----- Entries supplied -----

Lemma gather_homog a (y : Car A) :
  y = ezero \/ edeg y = a -> gather y = tnull \/ tdeg (gather y) = a.
Proof.
  intros [H|H].
  - left. rewrite H. apply gather_zero.
  - destruct (excluded_middle_informative (y = ezero)) as [E|E].
    + left. rewrite E. apply gather_zero.
    + right. rewrite tdeg_gather by exact E. exact H.
Qed.

Lemma gather_shift g (y : Car A) :
  gather (eshift g y) = ind_map (fun x => x) (fun h => gmul h g) (gather y).
Proof.
  unfold gather at 2. rewrite ind_map_tag by reflexivity.
  destruct (excluded_middle_informative (y = ezero)) as [E|E].
  - rewrite E, eshift_zero, gather_zero, to_deg_one_zero, tag_null; reflexivity.
  - unfold gather. rewrite to_deg_one_shift, eshift_deg by exact E. reflexivity.
Qed.

Lemma gather_spread (t : IndCar (DegOneSAct A)) : gather (spread t) = t.
Proof.
  destruct (excluded_middle_informative (proj1_sig (tval t) = ezero)) as [E|E].
  - unfold spread. rewrite E, eshift_zero, gather_zero. symmetry.
    apply tagged_null, DegOne_ext, E.
  - unfold spread. rewrite gather_shift. unfold gather.
    rewrite to_deg_one_val, deg_one_deg, ind_map_tag, gmul1l by (exact E || reflexivity).
    apply tag_eta.
Qed.

Lemma spread_gather (y : Car A) : spread (gather y) = y.
Proof.
  destruct (excluded_middle_informative (y = ezero)) as [E|E].
  - rewrite E, gather_zero. apply spread_null.
  - unfold spread. rewrite tdeg_gather by exact E. unfold gather. rewrite tval_tag.
    simpl. rewrite eshift_mul, gmulVl. apply eshift_one.
Qed.

Definition spread_hom : EqvHom (IndEqvOb (DegOneOb A S_local_units)) A :=
  @Build_EqvHom G S (IndEqvOb (DegOneOb A S_local_units)) A
    (@mkHom G S (IndOb (DegOneOb A S_local_units)) A spread spread_act spread_homog)
    spread_shift.

Definition gather_hom : EqvHom A (IndEqvOb (DegOneOb A S_local_units)) :=
  @Build_EqvHom G S A (IndEqvOb (DegOneOb A S_local_units))
    (@mkHom G S A (IndOb (DegOneOb A S_local_units)) gather gather_act gather_homog)
    gather_shift.

End IndDegOne.

Lemma Ind_ess_surj (G : Group) (S : GrSemigroup G) :
  has_local_units S -> ess_surj (Ind S).
Proof.
  intros S_local_units A. exists (DegOneOb A S_local_units).
  exists (spread_hom A S_local_units), (gather_hom A S_local_units).
  split; intros x; [apply gather_spread | apply spread_gather].
Qed.

Lemma Ind_ff_ess_surj (G : Group) (S : GrSemigroup G) :
  has_local_units S -> ff_ess_surj (Ind S).
Proof.
  intros S_local_units.
  split; [apply Ind_faithful | split; [apply Ind_full | apply Ind_ess_surj, S_local_units]].
Qed.

Theorem theorem4p4 (G : Group) (S T : GrSemigroup G) :
  has_local_units S -> has_local_units T ->
  graded_Morita_equivalent S T -> Morita_equivalent S T.
Proof.
  (* Only F needs to be graded. *)
  intros S_local_units T_local_units (F & F' & F_graded & _ & [eta] & [eps]).
  apply (CatEquivalent_trans (ff_ess_surj_CatEquivalent (Ind_ff_ess_surj S_local_units))).
  apply (CatEquivalent_trans (ff_ess_surj_CatEquivalent
           (EqvLift_ff_ess_surj F_graded (NatIso_ff_ess_surj eta eps)))).
  exact (CatEquivalent_sym (ff_ess_surj_CatEquivalent (Ind_ff_ess_surj T_local_units))).
Qed.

-----

Problem
For every entry in the records above, write an exact copy.

Result of this task
Lemma gather_homog a (y : Car A) :
  y = ezero \/ edeg y = a -> gather y = tnull \/ tdeg (gather y) = a.
Proof.
  intros [H|H].
  - left. rewrite H. apply gather_zero.
  - destruct (excluded_middle_informative (y = ezero)) as [E|E].
    + left. rewrite E. apply gather_zero.
    + right. rewrite tdeg_gather by exact E. exact H.
Qed.

Lemma gather_shift g (y : Car A) :
  gather (eshift g y) = ind_map (fun x => x) (fun h => gmul h g) (gather y).
Proof.
  unfold gather at 2. rewrite ind_map_tag by reflexivity.
  destruct (excluded_middle_informative (y = ezero)) as [E|E].
  - rewrite E, eshift_zero, gather_zero, to_deg_one_zero, tag_null; reflexivity.
  - unfold gather. rewrite to_deg_one_shift, eshift_deg by exact E. reflexivity.
Qed.

Lemma gather_spread (t : IndCar (DegOneSAct A)) : gather (spread t) = t.
Proof.
  destruct (excluded_middle_informative (proj1_sig (tval t) = ezero)) as [E|E].
  - unfold spread. rewrite E, eshift_zero, gather_zero. symmetry.
    apply tagged_null, DegOne_ext, E.
  - unfold spread. rewrite gather_shift. unfold gather.
    rewrite to_deg_one_val, deg_one_deg, ind_map_tag, gmul1l by (exact E || reflexivity).
    apply tag_eta.
Qed.

Lemma spread_gather (y : Car A) : spread (gather y) = y.
Proof.
  destruct (excluded_middle_informative (y = ezero)) as [E|E].
  - rewrite E, gather_zero. apply spread_null.
  - unfold spread. rewrite tdeg_gather by exact E. unfold gather. rewrite tval_tag.
    simpl. rewrite eshift_mul, gmulVl. apply eshift_one.
Qed.

Definition spread_hom : EqvHom (IndEqvOb (DegOneOb A S_local_units)) A :=
  @Build_EqvHom G S (IndEqvOb (DegOneOb A S_local_units)) A
    (@mkHom G S (IndOb (DegOneOb A S_local_units)) A spread spread_act spread_homog)
    spread_shift.

Definition gather_hom : EqvHom A (IndEqvOb (DegOneOb A S_local_units)) :=
  @Build_EqvHom G S A (IndEqvOb (DegOneOb A S_local_units))
    (@mkHom G S A (IndOb (DegOneOb A S_local_units)) gather gather_act gather_homog)
    gather_shift.

End IndDegOne.

Lemma Ind_ess_surj (G : Group) (S : GrSemigroup G) :
  has_local_units S -> ess_surj (Ind S).
Proof.
  intros S_local_units A. exists (DegOneOb A S_local_units).
  exists (spread_hom A S_local_units), (gather_hom A S_local_units).
  split; intros x; [apply gather_spread | apply spread_gather].
Qed.

Lemma Ind_ff_ess_surj (G : Group) (S : GrSemigroup G) :
  has_local_units S -> ff_ess_surj (Ind S).
Proof.
  intros S_local_units.
  split; [apply Ind_faithful | split; [apply Ind_full | apply Ind_ess_surj, S_local_units]].
Qed.

Theorem theorem4p4 (G : Group) (S T : GrSemigroup G) :
  has_local_units S -> has_local_units T ->
  graded_Morita_equivalent S T -> Morita_equivalent S T.
Proof.
  (* Only F needs to be graded. *)
  intros S_local_units T_local_units (F & F' & F_graded & _ & [eta] & [eps]).
  apply (CatEquivalent_trans (ff_ess_surj_CatEquivalent (Ind_ff_ess_surj S_local_units))).
  apply (CatEquivalent_trans (ff_ess_surj_CatEquivalent
           (EqvLift_ff_ess_surj F_graded (NatIso_ff_ess_surj eta eps)))).
  exact (CatEquivalent_sym (ff_ess_surj_CatEquivalent (Ind_ff_ess_surj T_local_units))).
Qed.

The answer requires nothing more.